Lemma list_max_ind (P : list J -> Prop) :
  (forall l l', (forall j, In j l <-> In j l') -> P l -> P l') ->
  P nil ->
  (forall m l, (forall j, In j l -> lt j m) -> P l -> P (m :: l)) ->
  forall l, P l.
Proof.
move=> P_in Pnil Pcons l.
move: l; apply: (well_founded_ind (well_founded_ltof _ (@length J))) => -[//|x l] IH.
have [_ [_ [lt_irr _]]] := lt_wo.
have [m ml lm] := list_max x l.
pose dec := fun j j' : J => excluded_middle_informative (j = j').
apply: (P_in (m :: remove dec m (x :: l))).
  move=> j; split=> [[<-//|/(in_remove dec)[]//]|jl]; have [->|jm] := lm j jl; first by left.
  by right; apply: in_in_remove => // ejm; apply: (lt_irr j); rewrite {2}ejm.
apply: Pcons; first by move=> j /(in_remove dec)[/lm[]].
by apply: IH; exact: remove_length_lt.
Qed.
End WellOrderedLists.

(** * Independent sequences *)

Section FreeAmalgamation.
Variables (L : lang) (M : structure L) (K : Type) (ind : mset M -> mset M -> mset M -> Prop).
Hypotheses (HM : monster M K) (Hind : free_amalgamation M K ind).

Let HK : embeds nat K := proj1 HM.

Lemma ind_invariant A B C s : smallS K A -> smallS K B -> smallS K C -> is_aut M s ->
  ind A C B -> ind (image s A) (image s C) (image s B).
Proof. by case: Hind => inv _; exact: inv. Qed.

Lemma ind_sub A A' B B' C : smallS K A -> smallS K B -> smallS K C ->
  ind A C B -> subset A' A -> subset B' B -> ind A' C B'.
Proof. by case: Hind => _ [mono _]; exact: mono. Qed.

Lemma ind_exists (C B : mset M) (I : Type) (a : I -> M) :
  smallS K C -> smallS K B -> small K I -> closed M C ->
  exists a' : I -> M, conj M C a a' /\ ind (rng a') C B.
Proof. by case: Hind => _ [_ [_ [_ [ex _]]]]; exact: ex. Qed.

Lemma ind_stationary (C : mset M) (I J : Type) (a a' : I -> M) (b : J -> M) :
  smallS K C -> small K I -> small K J ->
  closed M C -> closed M (rng a) -> closed M (rng a') -> closed M (rng b) ->
  subset C (inter (rng a) (rng b)) ->
  ind (rng a) C (rng b) -> ind (rng a') C (rng b) -> conj M C a a' ->
  conj M C (tcat a b) (tcat a' b).
Proof. by case: Hind => _ [_ [_ [_ [_ [st _]]]]]; exact: st. Qed.

Lemma ind_free A B C D : smallS K A -> smallS K B -> smallS K C -> smallS K D ->
  ind A C B -> subset (inter C (union A B)) D -> subset D C -> ind A D B.
Proof. by case: Hind => _ [_ [_ [_ [_ [_ [fr _]]]]]]; exact: fr. Qed.

Lemma ind_closed A B C : smallS K A -> smallS K B -> smallS K C ->
  closed M A -> closed M B -> closed M C -> subset C (inter A B) ->
  ind A C B -> closed M (union A B).
Proof. by case: Hind => _ [_ [_ [_ [_ [_ [_ cl]]]]]]; exact: cl. Qed.

Lemma ind_aut_image A B C s : smallS K A -> smallS K B -> smallS K C -> is_aut M s ->
  (forall c, C c -> s c = c) -> ind A C B -> ind (image s A) C (image s B).
Proof.
move=> sA sB sC s_aut sfix /(ind_invariant sA sB sC s_aut).
by rewrite (image_fixed sfix).
Qed.

Section Sequences.
Variables (J : Type) (lt : J -> J -> Prop) (Ib : Type).
Hypotheses (lt_wo : well_order lt) (HJ : small K J) (HIb : small K Ib).
Implicit Types (f g : J -> Ib -> M) (b : Ib -> M).
Lemma alg_hom_comp (h : A -> C) (k : C -> D) :
  is_alg_hom h -> is_alg_hom k -> is_alg_hom (k \o h).
Proof.
case=> hD hZ hM h1 [kD kZ kM k1]; split=> /= [x y|r x|x y|].
- by rewrite hD kD.
- by rewrite hZ kZ.
- by rewrite hM kM.
- by rewrite h1 k1.
Qed.

End AlgHom.

Section SubalgebraInduction.
Variables (R : comUnitRingType) (A : algType R) (S : {pred A}).
Hypothesis S1 : 1 \in S.
Hypothesis SD : forall x y, x \in S -> y \in S -> x + y \in S.
Hypothesis SZ : forall (r : R) x, x \in S -> r *: x \in S.
Hypothesis SM : forall x y, x \in S -> y \in S -> x * y \in S.

Let S_subalg_closed : subalg_closed S.
Proof. by split=> // r x y xS yS; apply: SD => //; apply: SZ. Qed.

HB.instance Definition _ := GRing.isSubalgClosed.Build R A S S_subalg_closed.

Record subalg := Subalg { subalg_val : A; _ : subalg_val \in S }.
HB.instance Definition _ := [isSub for subalg_val].
HB.instance Definition _ := [Choice of subalg by <:].
HB.instance Definition _ := [SubChoice_isSubAlgebra of subalg by <:].

Lemma subalg_val_alg_hom : is_alg_hom (val : subalg -> A).
Proof.
split=> [x y|r x|x y|]; [exact: rmorphD | exact: linearZ | exact: rmorphM | exact: rmorph1].
Qed.

Lemma is_B_ind N q u a b (vg vx : A) : is_B N q u a b vg vx ->
  vg \in S -> vx \in S -> forall y, y \in S.
Proof.
case=> rel univ gS xS y.
have [vD vZ vM _] := subalg_val_alg_hom.
have rel_sub : B_rel N q u a b (Subalg gS) (Subalg xS).
  case: rel => g_N x_N xg; split; apply: val_inj.
  - by rewrite rmorphXn.
  - by rewrite rmorphXn.
  - by rewrite vM vD !vZ vM rmorphXn.
have [[h [h_hom hg hx]] _] := univ _ _ _ rel_sub.
have [_ uniq] := univ _ _ _ rel.
have val_h : val \o h =1 id.
  by apply: uniq; [exact: alg_hom_comp h_hom subalg_val_alg_hom | exact: alg_hom_id
    | rewrite /= hg | rewrite /= hx].
by rewrite -(val_h y) /=; apply: valP.
Qed.

End SubalgebraInduction.

Section Shift.
Variables (R : comUnitRingType) (C : algType R) (N : nat) (q : R).
Hypotheses (N_gt0 : (0 < N)%N) (Phi_q : root (map_poly intr 'Phi_N) q).

Lemma qcomm_shift (g x : C) (b e : R) :
  x * g = q *: (g * x) + b *: g ^+ 2 ->
  (x + e *: g) * g = q *: (g * (x + e *: g)) + (b + e - q * e) *: g ^+ 2.
Proof.
move=> xg; rewrite mulrDl xg mulrDr -scalerAl -scalerAr expr2 scalerDr scalerA.
by rewrite -!addrA; congr (_ + _); rewrite -!scalerDl; congr (_ *: _); ring.
Qed.

Lemma exprD_shift_qcomm (g x : C) (e : R) : x * g = q *: (g * x) ->
  (x + e *: g) ^+ N = x ^+ N + e ^+ N *: g ^+ N.
Proof.
move=> xg; have xeg : x * (e *: g) = q *: ((e *: g) * x).
  by rewrite -scalerAr xg scalerA mulrC -scalerA scalerAl.
by rewrite addrC (exprD_qcomm_cyclotomic xeg) // addrC exprZn.
Qed.

Lemma B_rel_shift (u a e : R) (g x : C) : B_rel N q u a 0 g x ->
  B_rel N q u (a + e ^+ N * u) (e - q * e) g (x + e *: g).
Proof.
case=> g_N x_N xg; split=> //.
- rewrite scale0r addr0 in xg.
  by rewrite exprD_shift_qcomm // x_N g_N scalerA scalerDl.
- by rewrite (qcomm_shift _ xg) add0r.
Qed.

Lemma B_rel_unshift (u a e : R) (g x : C) : B_rel N q u a (e - q * e) g x ->
  B_rel N q u (a - e ^+ N * u) 0 g (x - e *: g).
Proof.
case=> g_N x_N xg.
have xg' : (x - e *: g) * g = q *: (g * (x - e *: g)) + 0 *: g ^+ 2.
  by rewrite -scaleNr (qcomm_shift _ xg); congr (_ + _ *: _); ring.
split=> //; apply: (addIr ((e ^+ N * u) *: 1)).
rewrite scale0r addr0 in xg'.
rewrite -scalerDl subrK -x_N -[in RHS](subrK (e *: g) x).
by rewrite exprD_shift_qcomm // g_N scalerA.
Qed.
Lemma bnd_bnd n : hcomp (bnd M n) (bnd M n.+1) = 0.
Proof.
rewrite -[RHS](@signed_sum_simplicial_eq0 _ n.+1
  (fun i j => hcomp (face M n i) (face M n.+1 j))); last exact: face_face.
rewrite !bndE hcomp_suml; apply: eq_bigr => i _; rewrite hcompMzl hcomp_sumr mulrz_suml.
by apply: eq_bigr => j _; rewrite hcompMzr mulrz_signD addnC.
Qed.

Lemma dd_dd n : hcomp (dd M n.+1) (dd M n) = 0.
Proof.
rewrite -[RHS](@signed_sum_simplicial_eq0 _ n.+1
  (fun i j => hcomp (degen M n.+1 j) (degen M n i))); last exact: degen_degen.
rewrite !ddE hcomp_suml.
under eq_bigr => j _ do rewrite hcompMzl hcomp_sumr mulrz_suml.
rewrite exchange_big_nat /=; apply: eq_bigr => i _; apply: eq_bigr => j _.
by rewrite hcompMzr mulrz_signD addnC.
Qed.

(* [d] without its last term [s_(n,n+1)]: the identity [face_0 s_(n+2) = s_(n+1) face_0]
   fails, and the defect is exactly [kappa]. *)
Definition dd_trunc n : Hom (ob M n) (ob M n.+1) :=
  \sum_(0 <= j < n.+1) degen M n j *~ (-1) ^+ j.

Lemma dd_truncE n : dd M n = dd_trunc n + degen M n n.+1 *~ (-1) ^+ n.+1.
Proof. by rewrite ddE big_nat_recr. Qed.

Lemma bnd_dd_trunc n :
  hcomp (bnd M n.+1) (dd_trunc n.+1) + hcomp (dd_trunc n) (bnd M n) = 0.
Proof.
rewrite -[RHS](@signed_sum_homotopy_eq0 _ n.+1
  (fun i j => hcomp (face M n.+1 i) (degen M n.+1 j))
  (fun j i => hcomp (degen M n j) (face M n i))); first last.
- by move=> i j ?; exact: face_degen_gt.
- by move=> i j ?; apply: face_degen_le; lia.
- by move=> i ?; rewrite face_degen_id ?faceS_degen_id //; lia.
rewrite !bndE !hcomp_suml; congr (_ + _); apply: eq_bigr => i _.
  rewrite hcompMzl hcomp_sumr mulrz_suml; apply: eq_bigr => j _.
  by rewrite hcompMzr mulrz_signD.
rewrite hcompMzl hcomp_sumr mulrz_suml; apply: eq_bigr => j _.
by rewrite hcompMzr mulrz_signD addnC.
Qed.

Lemma bnd_degen_last n :
  hcomp (bnd M n.+1) (degen M n.+1 n.+2) =
  hcomp (face M n.+1 0) (degen M n.+1 n.+2) +
  \sum_(0 <= i < n.+1) hcomp (degen M n n.+1) (face M n i.+1) *~ (-1) ^+ i.+1 +
  idm _ *~ (-1) ^+ n.+2.
Proof.
rewrite bndE hcomp_suml big_nat_recl //= big_nat_recr //= hcompMzl expr0 mulr1z addrA.
congr (_ + _ + _); last by rewrite hcompMzl face_degen_id.
by apply: eq_big_nat => i i_lt; rewrite hcompMzl face_degen_le //; lia.
Qed.

Lemma degen_last_bnd n :
  hcomp (degen M n n.+1) (bnd M n) =
  hcomp (degen M n n.+1) (face M n 0) +
  \sum_(0 <= i < n.+1) hcomp (degen M n n.+1) (face M n i.+1) *~ (-1) ^+ i.+1.
Proof.
rewrite bndE hcomp_sumr big_nat_recl //= hcompMzr expr0 mulr1z.
by congr (_ + _); apply: eq_bigr => i _; rewrite hcompMzr.
Qed.

Lemma bnd_dd_add n :
  hcomp (bnd M n.+1) (dd M n.+1) + hcomp (dd M n) (bnd M n) = idm _ - kappa M n.+1.
Proof.
rewrite !dd_truncE hcompDr hcompDl hcompMzr hcompMzl addrACA bnd_dd_trunc add0r.
rewrite bnd_degen_last degen_last_bnd kappaS.
set t := hcomp (face M n.+1 0) _; set g := hcomp (degen M n n.+1) (face M n 0).
set S := \sum_(0 <= i < n.+1) _; set e := (-1) ^+ n.+1 : int.
rewrite (exprS _ n.+1) mulN1r -/e !mulrzDl !mulrNz mulNrz opprK mulrz_sign2.
rewrite mulNrz opprD opprK [g *~ e + _]addrC addrA (addrAC (- (t *~ e))) subrK.
by rewrite (addrC (- (t *~ e))) -addrA.
Qed.

Lemma bnd_dd0 : hcomp (bnd M 0) (dd M 0) = idm _ - kappa M 0.
Proof.
rewrite bndE ddE /index_iota /= !big_cons !big_nil !addr0.
rewrite !hcompDl !hcompDr !hcompMzl !hcompMzr.
rewrite (@face_degen_id 0 0) // (@faceS_degen_id 0 0) // (@face_degen_id 0 1) //.
by rewrite expr0 expr1 !mulr1z !mulrN1z opprK addNr addr0.
Qed.

Lemma kappaE n : kappa M n.+1 =
  idm _ - (hcomp (bnd M n.+1) (dd M n.+1) + hcomp (dd M n) (bnd M n)).
Proof. by rewrite bnd_dd_add subKr. Qed.

Lemma kappa0E : kappa M 0 = idm _ - hcomp (bnd M 0) (dd M 0).
Proof. by rewrite bnd_dd0 subKr. Qed.

Lemma bnd_kappa n : hcomp (bnd M n) (kappa M n.+1) = hcomp (kappa M n) (bnd M n).
Proof.
rewrite kappaE hcompBr hcompm1 hcompDr !hcompA bnd_bnd hcomp0l add0r.
case: n => [|n]; first by rewrite kappa0E hcompBl hcomp1m.
by rewrite kappaE hcompBl hcomp1m hcompDl -(hcompA (dd M n)) bnd_bnd hcomp0r addr0.
Qed.

Lemma dd_kappa n : hcomp (dd M n) (kappa M n) = hcomp (kappa M n.+1) (dd M n).
Proof.
rewrite kappaE hcompBl hcomp1m hcompDl -(hcompA (bnd M n.+1)) dd_dd hcomp0r add0r.
case: n => [|n]; first by rewrite kappa0E hcompBr hcompm1 !hcompA.
by rewrite kappaE hcompBr hcompm1 hcompDr !hcompA dd_dd hcomp0l addr0.
Qed.

Lemma bnd_kappa_pow n k :
  hcomp (bnd M n) (kappa_pow M n.+1 k) = hcomp (kappa_pow M n k) (bnd M n).
Proof.
elim: k => [|k IHk]; first by rewrite !kappa_pow0 hcompm1 hcomp1m.
by rewrite !kappa_powS hcompA bnd_kappa -hcompA IHk hcompA.
Qed.

Lemma dd_kappa_pow n k :
  hcomp (dd M n) (kappa_pow M n k) = hcomp (kappa_pow M n.+1 k) (dd M n).
Proof.
elim: k => [|k IHk]; first by rewrite !kappa_pow0 hcompm1 hcomp1m.
by rewrite !kappa_powS hcompA dd_kappa -hcompA IHk hcompA.
Qed.

Lemma kappa_pow_dd n : hcomp (kappa_pow M n.+1 n) (dd M n) =
  hcomp (kappa_pow M n.+1 n) (degen M n n) *~ (-1) ^+ n +
  hcomp (kappa_pow M n.+1 n) (degen M n n.+1) *~ (-1) ^+ n.+1.
Proof.
rewrite ddE hcomp_sumr (big_nat_recr n.+1) // (big_nat_recr n) //= !hcompMzr.
rewrite big_nat_cond big1 ?add0r // => j /andP[/andP[_ lt_jn] _].
by rewrite hcompMzr kappa_pow_degen_eq0 ?mul0rz //; lia.
Qed.

Lemma face0_kappa_pow_dd n :
  hcomp (face M n 0) (hcomp (kappa_pow M n.+1 n) (dd M n)) = kappa_pow M n n - dk_pi M n.
Proof.
rewrite kappa_pow_dd hcompDr !hcompMzr (@kappa_pow_degen n n n ltac:(lia)) subnn.
rewrite hcompMzr hcompA face_degen_id // hcomp1m mulrz_sign2.
by rewrite /dk_pi mulrz_signS -mulNrz.
Qed.

Lemma face_kappa_pow_dd n i : (1 <= i <= n.+1)%N ->
  hcomp (face M n i) (hcomp (kappa_pow M n.+1 n) (dd M n)) = 0.
Proof.
case: i => [//|[|i]] i_rng; last first.
  by rewrite hcompA (@face_kappa_pow_eq0 n n i.+2) ?hcomp0l //; lia.
rewrite kappa_pow_dd hcompDr !hcompMzr !hcompA (@face_kappa_pow n n 1 isT ltac:(lia)).
rewrite !hcompMzl -!hcompA add1n faceS_degen_id // face_degen_id // !hcompm1 mulrz_sign2.
by rewrite mulrz_signS mulrz_sign2 addrN.
Qed.

Lemma dk_piE n :
  dk_pi M n = kappa_pow M n n - hcomp (bnd M n) (hcomp (kappa_pow M n.+1 n) (dd M n)).
Proof.
rewrite bndE hcomp_suml big_nat_recl // big_nat_cond big1 => [|i /andP[i_lt _]].
  by rewrite addr0 hcompMzl expr0 mulr1z face0_kappa_pow_dd subKr.
by rewrite hcompMzl face_kappa_pow_dd ?mul0rz //; lia.
Qed.

Lemma dd_bnd n : hcomp (dd M n) (bnd M n) =
  idm _ - kappa M n.+1 - hcomp (bnd M n.+1) (dd M n.+1).
Proof. by rewrite -bnd_dd_add addrC addKr. Qed.
Definition lip2 (R : realType) (T : Type) (d : T -> T -> R) (f : T -> T -> T) :=
  forall x x' y y', d (f x y) (f x' y') <= Num.max (d x x') (d y y').

Record Lstruct (R : realType) := MkLstruct {
  car : Type;
  ops : Lops car;
  dist : car -> car -> R;
  dist_ge0 : forall x y, 0 <= dist x y;
  dist_le1 : forall x y, dist x y <= 1;
  dist_eq0 : forall x y, dist x y = 0 <-> x = y;
  dist_sym : forall x y, dist x y = dist y x;
  dist_tri : forall x y z, dist x z <= dist x y + dist y z;
  dist_complete : forall u : nat -> car,
    (forall e : R, 0 < e -> exists N : nat, forall m n : nat,
        (N <= m)%N -> (N <= n)%N -> dist (u m) (u n) < e) ->
    exists l : car, forall e : R, 0 < e -> exists N : nat, forall n : nat,
        (N <= n)%N -> dist (u n) l < e;
  lip_add : lip2 dist (op_add ops);
  lip_mul : lip2 dist (op_mul ops);
  lip_meet : lip2 dist (op_meet ops);
  lip_join : lip2 dist (op_join ops) }.

Inductive foform :=
| FEq of term & term
| FBot
| FImp of foform & foform
| FAll of nat & foform.

Fixpoint fsat (T : Type) (o : Lops T) (p : foform) (v : nat -> T) : Prop :=
  match p with
  | FEq t1 t2 => tev o v t1 = tev o v t2
  | FBot => False
  | FImp p q => fsat o p v -> fsat o q v
  | FAll n p => forall a : T, fsat o p (upd v n a)
  end.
- - -
Instructions for the task: The number of lines in the listing above that contain "addrC" is all that should be stated.

Answer to this exercise: 4